About

Teaching Credentials

Stephanie Orgill is a Yoga Alliance Certified yoga teacher. She took her 200 hour Vinyasa teacher training at Yoga to the People in Tempe, Arizona in early 2015. She has continued to further her yoga education with an Ashtanga apprenticeship and Hot Hatha teaching addendum at We Yoga Co. in Settle, Washington. She has also studied Astanga yoga, Ghosh yoga and Ayurveda. Her teaching style is alignment based and she focuses on helping others heal through accessible and mindful yoga. She currently teaches in studios around Seattle and is available for private and group classes.

 

Stephanie’s Personal Journey of Healing Through Yoga

Stephanie made her way to practicing yoga in a time in her life where she was feeling empty and in need of change. She hadn’t been good to her body and in turn it hadn’t been good to her. At first it wasn’t easy for her to show up and practice; there was too much scar tissue and pain from all of the injuries she had sustained and bones she had broken, but it didn’t take long to feel the effects of the practice. Her joints started returning to their proper mobility with less swelling and less pain. She began to feel stronger and more graceful; which are two things she had never known much about. She was experiencing all of things she expected out of practicing and more. What she didn’t expect was the mental and emotional effects yoga would have on her life. Things she had buried deep inside had resurfaced and began to make their way out. It was a total transformation. A life altering change.

Just when life began to make sense for Stephanie, her whole world got turned upside down. On Christmas day of 2013 she and her boyfriend were in a terrible car accident. Luckily he wasn’t badly hurt physically but not as luckily she was. Her left ankle was shattered, her right lung collapsed and her back broken in two different places. The T-3 vertebrae was only fractured so it would heal on it’s own but the L-2 had burst and needed to be rebuilt and fused to two other vertebrae to stabilize her spine. Stephanie’s ankle was even worse off than her back. Had she been somewhere other than Washington, who has one of the best trauma hospitals in the country, she might have lost her foot.

In the first week after the accident Stephanie underwent two surgeries to rebuild her ankle and another surgery to fuse her lumbar spine. She spent the following two months with an ex fix (external fixator that held her bones in place as they healed) screwed into her foot and leg. Even though she couldn’t physically practice yoga she was very grateful for her yoga practice through this recovery time. She spent most of her time in bed and regularly meditated to help cope with the pain and loneliness she was feeling.

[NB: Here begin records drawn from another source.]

Lemma pacc_mo_adviceN : pacc_mo x adviceN = pacc_mm x phi.
Proof.
rewrite /pacc_mo /pacc_mm /norm2 /Proj !big_pair_nested.
under [RHS]eq_bigr do rewrite big_pair_nested.
rewrite [RHS]exchange_big; apply: eq_bigr => q _ /=.
rewrite big_bool /= [X in _ + X]big1 ?addr0 => [|y _]; last by rewrite inE normr0 expr0n.
have [qacc|qNacc] := boolP (q \in Qacc M); last first.
  rewrite big1 => [|y _]; last by rewrite inE /= (negbTE qNacc) normr0 expr0n.
  by rewrite big1 // => j _; rewrite big1 // => y _; rewrite normr0 expr0n.
have marks_excl (y : track N n) i j :
  ffun_snd y == unit_mark i -> ffun_snd y == unit_mark j -> i = j.
  by move=> /eqP-> /eqP/unit_mark_inj.
have q_halting : q \in halting M by rewrite inE qacc.
under eq_bigr => y _.
  rewrite inE /= qacc (runU_adviceN (leqnn n)) /= q_halting.
  rewrite (sqr_norm_sum_excl _ _ (marks_excl y)).
  over.
rewrite exchange_big /=; apply: eq_big => [j|j _]; first by rewrite ltn_ord.
under eq_bigr do rewrite mul1r mulr_natl mulrb.
by rewrite -big_mkcond (big_ffun_snd_eq _ (fun y => `|halt_branch j (q, y)| ^+ 2)).
Qed.

End Simulation.

Theorem lemma5p7 (Sigma : finType) (M : rqfa Sigma)
  (Psi : forall n : nat, advice_vec M n) :
  quantum_advice Psi ->
  exists (N : rqfa Sigma) (Psi' : forall n : nat, advice_vec N n),
    quantum_advice Psi' /\
    forall (n : nat) (x : n.-tuple Sigma), (0 < n)%N ->
      pacc_mo x (Psi' n) = pacc_mm x (Psi n).
Proof.
move=> unit_Psi; exists (N M), (fun n => adviceN (Psi n)); split.
  by move=> n n_gt0; rewrite norm2_adviceN unit_Psi.
by move=> n x _; apply: pacc_mo_adviceN.
Qed.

Two months after the accident Stephanie had her third ankle surgery. They removed the ex fix and lengthened her gastrocnemius (essentially shredding the calf muscle to lengthen it, allowing the ankle to heal in alignment). After the surgery she spent two more months wearing the back brace that covered her entire torso and had strict orders to keep from putting any weight on her left foot. As soon as she was able to take the brace off and begin the process of learning how to walk again Stephanie was in the hot yoga room. She could barely do any of the asanas and modified like crazy but she showed up for herself as much as she could.

It was a slow uphill journey but she took it on with tenacity. Through hard work and tears Stephanie recovered from her injuries much more quickly and thoroughly than any of her doctors had anticipated. She went to Arizona only a year after to take her 200 hour yoga teacher training. Just three years after the car accident Stephanie was able to get most of the metal removed from her ankle; which is something surgeons told her would never happen.

Through this experience, Stephanie has dedicated her life to practicing yoga and sharing it’s healing effects with others.